↓
(* Let $p = p_{AB}$ be a probability distribution on $A\times B$ with $|A| = |B| = d$, and write $\eta = d_H^2(p\|p_A\times p_B)$. Then $I(A:B)_p\le\eta\cdot O(\log(d/\eta))$.
   Context: $p_A,p_B$ are the marginals of $p$. The squared Hellinger distance is $d_H^2(p\|q) = \sum_i(\sqrt{p_i}-\sqrt{q_i})^2$. $I(A:B)_p = \sum_{a,b}p(a,b)\ln\frac{p(a,b)}{p_A(a)p_B(b)}$. The $O(\cdot)$ hides a universal constant. *)

From HB Require Import structures.
From mathcomp Require Import all_boot all_order all_algebra.
From mathcomp Require Import all_classical all_reals all_analysis.
Set Implicit Arguments. Unset Strict Implicit. Unset Printing Implicit Defensive.
Import Order.TTheory GRing.Theory Num.Theory.
Local Open Scope ring_scope.

Definition is_distr (R : realType) (T : finType) (p : T -> R) : Prop :=
  (forall x, 0 <= p x) /\ \sum_(x : T) p x = 1.

Definition margA (R : realType) (A B : finType) (p : A * B -> R) (a : A) : R :=
  \sum_(b : B) p (a, b).
Definition margB (R : realType) (A B : finType) (p : A * B -> R) (b : B) : R :=
  \sum_(a : A) p (a, b).

Definition hellinger2 (R : realType) (T : finType) (p q : T -> R) : R :=
  \sum_(i : T) (Num.sqrt (p i) - Num.sqrt (q i)) ^+ 2.

(* Mutual information (natural log); terms with p(a,b) = 0 contribute 0
   since ln 0 = 0 in MathComp-Analysis. *)
Definition mutinfo (R : realType) (A B : finType) (p : A * B -> R) : R :=
  \sum_(ab : A * B) p ab * ln (p ab / (margA p ab.1 * margB p ab.2)).

From HB Require Import structures.
From mathcomp Require Import all_boot all_order all_algebra.
From mathcomp Require Import all_classical all_reals all_analysis.
From mathcomp Require Import ring lra.
Set Implicit Arguments. Unset Strict Implicit. Unset Printing Implicit Defensive.
Import Order.TTheory GRing.Theory Num.Theory.
Local Open Scope ring_scope.

(* I(A:B) is the relative entropy of p from q = p_A x p_B, a sum of the
   nonnegative terms p ln(p/q) - p + q.  For any t in (0,1] each term is at
   most 5 (sqrt p - sqrt q)^2 (1 + ln(1/t)) + t: if sqrt p <= 2 sqrt q it is
   O((sqrt p - sqrt q)^2), and otherwise p <= 4 (sqrt p - sqrt q)^2 while
   p^2 <= q (as p(a,b) <= p_A(a), p_B(b)) gives ln(p/q) <= ln(1/t) + t/p - 1.
   Summing over the d^2 pairs with t = eta/d^2 yields
   I <= 5 eta (1 + ln(d^2/eta)) + eta.  Finally eta <= 2 - 2/d, since the
   Bhattacharyya coefficient sum sqrt(p q) dominates sum_a p_A(a)^2 >= 1/d;
   hence ln(d/eta) >= ln 2 and ln(d^2/eta) <= ln 2 + 2 ln(d/eta). *)

Section RealInequalities.
Variable R : realType.

Lemma ln_le_sub1 (x : R) : 0 < x -> ln x <= x - 1.
Proof.
move=> x0; have := @le_ln1Dx R (x - 1).
by rewrite [1 + _]addrC subrK; apply; lra.
Qed.

Definition kl_term (p q : R) : R := p * ln (p / q) - p + q.

Lemma kl_term_le_near (p q : R) : 0 < p -> 0 < q -> Num.sqrt p <= 2 * Num.sqrt q ->
  kl_term p q <= 5 * (Num.sqrt p - Num.sqrt q) ^+ 2.
Proof.
move=> p0 q0 uv; rewrite /kl_term.
set u := Num.sqrt p in uv *; set v := Num.sqrt q in uv *; set w := u / v.
have v0 : 0 < v by rewrite sqrtr_gt0.
have w0 : 0 < w by rewrite divr_gt0 ?sqrtr_gt0.
have w2 : w <= 2 by rewrite ler_pdivrMr.
have uw : u = w * v by rewrite divfK ?gt_eqF.
have [pE qE] : p = (w * v) ^+ 2 /\ q = v ^+ 2 by rewrite -uw !sqr_sqrtr ?ltW.
have ln_pq : ln (p / q) <= 2 * (w - 1).
  rewrite pE qE exprMn mulfK ?expf_neq0 ?gt_eqF // lnXn //.
  by have := ln_le_sub1 w0; rewrite mulr2n; lra.
have := ler_wpM2l (ltW p0) ln_pq.
have : 0 <= v ^+ 2 * (w - 1) ^+ 2 * (4 - 2 * w).
  by apply: mulr_ge0; [apply: mulr_ge0; rewrite sqr_ge0 | lra].
rewrite uw pE qE; nra.
Qed.

Lemma kl_term_le_far (p q t : R) : 0 < p -> p ^+ 2 <= q -> 2 * Num.sqrt q <= Num.sqrt p ->
  0 < t <= 1 -> kl_term p q <= 4 * (Num.sqrt p - Num.sqrt q) ^+ 2 * ln t^-1 + t.
Proof.
move=> p0 pq vu /andP[t0 t1]; rewrite /kl_term.
have q0 : 0 < q by apply: lt_le_trans pq; rewrite exprn_gt0.
have lnt0 : 0 <= ln t^-1 by rewrite ln_ge0 // invf_ge1.
set u := Num.sqrt p in vu *; set v := Num.sqrt q in vu *.
have [pE qE] : p = u ^+ 2 /\ q = v ^+ 2 by rewrite !sqr_sqrtr ?ltW.
have v0 : 0 < v by rewrite sqrtr_gt0.
have q_le_p : q <= p by rewrite pE qE; nra.
have p_le_h : p <= 4 * (u - v) ^+ 2 by rewrite pE; nra.
have ln_pq : ln (p / q) <= ln t^-1 + (t / p - 1).
  apply: (@le_trans _ _ (ln p^-1)).
    rewrite ler_ln ?posrE ?divr_gt0 ?invr_gt0 //.
    by rewrite ler_pdivrMr // mulrC ler_pdivlMr // -expr2.
  rewrite -{1}[p^-1](mulKf (lt0r_neq0 t0)) lnM ?posrE ?invr_gt0 ?divr_gt0 // lerD2l.
  by apply: ln_le_sub1; rewrite divr_gt0.
have : p * ln (p / q) <= p * ln t^-1 + t - p.
  move: (ler_wpM2l (ltW p0) ln_pq).
  by rewrite mulrDr mulrBr mulr1 mulrCA divff ?gt_eqF // mulr1 addrA.
have : p * ln t^-1 <= 4 * (u - v) ^+ 2 * ln t^-1 by rewrite ler_wpM2r.
lra.
Qed.

Lemma kl_term_le (p q t : R) : 0 <= p -> p ^+ 2 <= q -> 0 < t <= 1 ->
  kl_term p q <= 5 * (Num.sqrt p - Num.sqrt q) ^+ 2 * (1 + ln t^-1) + t.
Proof.
move=> p0 pq t01; have /andP[t0 t1] := t01.
have lnt0 : 0 <= ln t^-1 by rewrite ln_ge0 // invf_ge1.
have h0 : 0 <= (Num.sqrt p - Num.sqrt q) ^+ 2 := sqr_ge0 _.
have [->|pn0] := eqVneq p 0.
  rewrite /kl_term mul0r subrr add0r sqrtr0 sub0r sqrrN sqr_sqrtr; last first.
    by apply: le_trans pq; rewrite sqr_ge0.
  nra.
have {pn0 p0} p0 : 0 < p by rewrite lt0r pn0.
have q0 : 0 < q by apply: lt_le_trans pq; rewrite exprn_gt0.
have [near|far] := lerP (Num.sqrt p) (2 * Num.sqrt q).
  have := kl_term_le_near p0 q0 near; nra.
have := kl_term_le_far p0 pq (ltW far) t01; nra.
Qed.
End RealInequalities.

Lemma le_ln_ratio_bound (R : realType) (I d eta : R) :
  0 < eta -> 2 * eta <= d -> eta <= 2 ->
  I <= 5 * eta * (1 + ln (d * d / eta)) + eta ->
  I <= (6 / ln 2 + 15) * (eta * ln (d / eta)).
Proof.
move=> eta0 eta_d eta2; have d0 : 0 < d by lra.
have ln2_0 : 0 < ln (2 : R) by rewrite ln_gt0 //; lra.
have r0 : 0 < d / eta by rewrite divr_gt0.
set L := ln (d / eta).
have ln_d : ln d <= ln 2 + L.
  rewrite -lnM ?posrE // ler_ln ?posrE ?mulr_gt0 ?invr_gt0 //.
  by rewrite mulrA ler_pdivlMr //; nra.
have ln2_L : ln 2 <= L by rewrite ler_ln ?posrE // ler_pdivlMr.
rewrite -[d * d / eta]mulrA lnM ?posrE // -/L => hI.
have : eta * ln d <= eta * (ln 2 + L) by rewrite ler_pM2l.
have : eta * ln 2 <= eta * L by rewrite ler_pM2l.
have : eta <= eta * L / ln 2 by rewrite ler_pdivlMr // ler_pM2l.
have -> : (6 / ln 2 + 15) * (eta * L) = 6 * (eta * L / ln 2) + 15 * (eta * L).
  by field; rewrite gt_eqF.
nra.
Qed.

Lemma ler_term_sum (R : numDomainType) (T : finType) (F : T -> R) (i : T) :
  (forall j, 0 <= F j) -> F i <= \sum_j F j.
Proof. by move=> F0; rewrite (bigD1 i) //= lerDl sumr_ge0. Qed.

Section Distributions.
Variables (R : realType) (T : finType).

Lemma hellinger2_ge0 (p q : T -> R) : 0 <= hellinger2 p q.
Proof. by apply: sumr_ge0 => i _; apply: sqr_ge0. Qed.

Lemma hellinger2_distrE (p q : T -> R) : is_distr p -> is_distr q ->
  hellinger2 p q = 2 - 2 * \sum_i Num.sqrt (p i) * Num.sqrt (q i).
Proof.
move=> [p0 p1] [q0 q1]; rewrite /hellinger2.
under eq_bigr do rewrite sqrrB !sqr_sqrtr // -mulr_natl.
rewrite !big_split /= sumrN -mulr_sumr p1 q1; lra.
Qed.

Lemma hellinger2_eq0 (p q : T -> R) : (forall i, 0 <= p i) -> (forall i, 0 <= q i) ->
  hellinger2 p q = 0 -> p =1 q.
Proof.
move=> p0 q0 h0 i; apply/eqP; rewrite -eqr_sqrt // -subr_eq0 -sqrf_eq0.
by rewrite (psumr_eq0P _ h0) // => j _; apply: sqr_ge0.
Qed.

Lemma distr_card_gt0 (r : T -> R) : is_distr r -> (0 < #|T|)%N.
Proof.
move=> [_ r1]; rewrite lt0n; apply: contra_eqN r1 => /eqP/card0_eq T0.
rewrite big_pred0 => [|i]; first by rewrite eq_sym oner_neq0.
by rewrite -[RHS](T0 i).
Qed.

Lemma card_mul_sum_sqr_ge1 (r : T -> R) : is_distr r -> 1 <= #|T|%:R * \sum_i r i ^+ 2.
Proof.
move=> rd; have [_ r1] := rd; set d : R := #|T|%:R; set X := \sum_i r i ^+ 2.
have : 0 <= \sum_i (d * r i - 1) ^+ 2 by apply: sumr_ge0 => i _; apply: sqr_ge0.
rewrite (eq_bigr (fun i => d ^+ 2 * r i ^+ 2 - 2 * d * r i + 1)) => [|i _]; last by ring.
rewrite !big_split /= sumrN -!mulr_sumr r1 sumr_const -/X -/d.
have d0 : 0 < d by rewrite ltr0n (distr_card_gt0 rd).
move=> h; have : 0 <= d * (d * X - 1) by nra.
by rewrite pmulr_rge0 // subr_ge0.
Qed.

End Distributions.

Definition prodmarg (R : realType) (A B : finType) (p : A * B -> R) (ab : A * B) : R :=
  margA p ab.1 * margB p ab.2.

Section JointDistribution.
Variables (R : realType) (A B : finType) (p : A * B -> R).
Hypothesis p_distr : is_distr p.

Let p_ge0 : forall x, 0 <= p x. Proof. by case: p_distr. Qed.
Let p_sum1 : \sum_x p x = 1. Proof. by case: p_distr. Qed.

Lemma margA_ge0 a : 0 <= margA p a. Proof. by apply: sumr_ge0 => b _. Qed.
Lemma margB_ge0 b : 0 <= margB p b. Proof. by apply: sumr_ge0 => a _. Qed.

Lemma sum_margA : \sum_a margA p a = 1.
Proof. by rewrite /margA pair_bigA -p_sum1; apply: eq_bigr => -[]. Qed.

Lemma sum_margB : \sum_b margB p b = 1.
Proof. by rewrite /margB exchange_big pair_bigA -p_sum1; apply: eq_bigr => -[]. Qed.

Lemma le_margA a b : p (a, b) <= margA p a.
Proof. exact: (ler_term_sum b (fun b => p_ge0 (a, b))). Qed.

Lemma le_margB a b : p (a, b) <= margB p b.
Proof. exact: (ler_term_sum a (fun a => p_ge0 (a, b))). Qed.

Lemma margA_le1 a : margA p a <= 1.
Proof. by rewrite -sum_margA; apply: ler_term_sum; apply: margA_ge0. Qed.

Lemma prodmarg_ge0 x : 0 <= prodmarg p x.
Proof. by rewrite mulr_ge0 ?margA_ge0 ?margB_ge0. Qed.

Lemma prodmarg_distr : is_distr (prodmarg p).
Proof.
split; first exact: prodmarg_ge0.
rewrite -(pair_bigA _ (fun a b => margA p a * margB p b)) /=.
under eq_bigr do rewrite -mulr_sumr sum_margB mulr1.
exact: sum_margA.
Qed.

Lemma sqr_le_prodmarg x : p x ^+ 2 <= prodmarg p x.
Proof. by case: x => a b; rewrite expr2 ler_pM ?le_margA ?le_margB. Qed.

Lemma mutinfoE : mutinfo p = \sum_x kl_term (p x) (prodmarg p x).
Proof.
have [_ q_sum1] := prodmarg_distr.
by rewrite !big_split /= sumrN p_sum1 q_sum1 subrK.
Qed.

Let eta := hellinger2 p (prodmarg p).

Lemma mutinfo_le_hellinger2 t : 0 < t <= 1 ->
  mutinfo p <= 5 * eta * (1 + ln t^-1) + t * (#|A| * #|B|)%:R.
Proof.
move=> t01; rewrite mutinfoE.
apply: le_trans (ler_sum _ (fun x _ => kl_term_le (p_ge0 x) (sqr_le_prodmarg x) t01)) _.
by rewrite big_split sumr_const card_prod -!mulr_suml -mulr_sumr mulr_natr.
Qed.

Lemma sum_sqr_margA_le : \sum_a margA p a ^+ 2 <= \sum_x Num.sqrt (p x) * Num.sqrt (prodmarg p x).
Proof.
have -> : \sum_a margA p a ^+ 2 = \sum_x p x * margA p x.1.
  transitivity (\sum_a \sum_b p (a, b) * margA p a).
    by apply: eq_bigr => a _; rewrite -mulr_suml expr2.
  by rewrite pair_bigA; apply: eq_bigr => -[].
apply: ler_sum => -[a b] _ /=.
have pp := p_ge0 (a, b); have a0 := margA_ge0 a.
rewrite -sqrtrM // -(ger0_norm (mulr_ge0 pp a0)) -sqrtr_sqr ler_sqrt ?mulr_ge0 ?margB_ge0 //.
have pab : p (a, b) * margA p a <= margB p b.
  exact: le_trans (ler_piMr pp (margA_le1 a)) (le_margB a b).
rewrite /prodmarg /= expr2 [p (a, b) * (_ * _)]mulrA.
by rewrite ler_pM ?mulr_ge0.
Qed.

Lemma card_mul_hellinger2_le : #|A|%:R * eta <= 2 * #|A|%:R - 2.
Proof.
have := card_mul_sum_sqr_ge1 (conj margA_ge0 sum_margA).
have := sum_sqr_margA_le.
rewrite /eta hellinger2_distrE //; last exact: prodmarg_distr.
have : 0 <= #|A|%:R :> R by rewrite ler0n.
nra.
Qed.

Lemma mutinfo_eq0 : eta = 0 -> mutinfo p = 0.
Proof.
move=> /(hellinger2_eq0 p_ge0 prodmarg_ge0) pq; rewrite /mutinfo.
apply: big1 => x _; rewrite -/(prodmarg p x) -pq.
have [->|px0] := eqVneq (p x) 0; first by rewrite mul0r.
by rewrite divff // ln1 mulr0.
Qed.

Lemma mutinfo_le_hellinger2_ln : #|A| = #|B| -> 0 < eta ->
  mutinfo p <= (6 / ln 2 + 15) * (eta * ln (#|A|%:R / eta)).
Proof.
move=> AB eta0; have := card_mul_hellinger2_le; set d : R := #|A|%:R => hd.
have d_ge0 : 0 <= d by rewrite ler0n.
have d0 : 0 < d by nra.
have eta_d : 2 * eta <= d.
  by rewrite -(ler_pM2l d0); have := sqr_ge0 (d - 2); nra.
apply: le_ln_ratio_bound => //; first nra.
have t01 : 0 < eta / (d * d) <= 1.
  by rewrite divr_gt0 ?mulr_gt0 //= ler_pdivrMr ?mulr_gt0 //; nra.
have := mutinfo_le_hellinger2 t01.
by rewrite -AB natrM -/d invf_div divfK // mulf_neq0 // gt_eqF.
Qed.

End JointDistribution.

Theorem corollary4p2 (R : realType) :
  exists C : R, 0 < C /\
    forall (A B : finType) (p : A * B -> R),
      #|A| = #|B| -> is_distr p ->
      let d : R := (#|A|)%:R in
      let eta := hellinger2 p (fun ab => margA p ab.1 * margB p ab.2) in
      mutinfo p <= C * (eta * ln (d / eta)).
Proof.
have ln2_gt0 : 0 < ln (2 : R) by rewrite ln_gt0 // ltr1n.
exists (6 / ln 2 + 15); split; first by rewrite addr_gt0 ?divr_gt0.
move=> A B p AB p_distr /=.
have := hellinger2_ge0 p (prodmarg p); rewrite le0r => /orP[/eqP eta0|eta_gt0].
  by rewrite (mutinfo_eq0 p_distr eta0) [hellinger2 _ _]eta0 mul0r mulr0.
exact: mutinfo_le_hellinger2_ln.
Qed.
↑
**YOUR ASSIGNMENT**
Looking at the data above, state how many of its lines contain the word "case", and give nothing but that number.

**ANSWER AREA**
3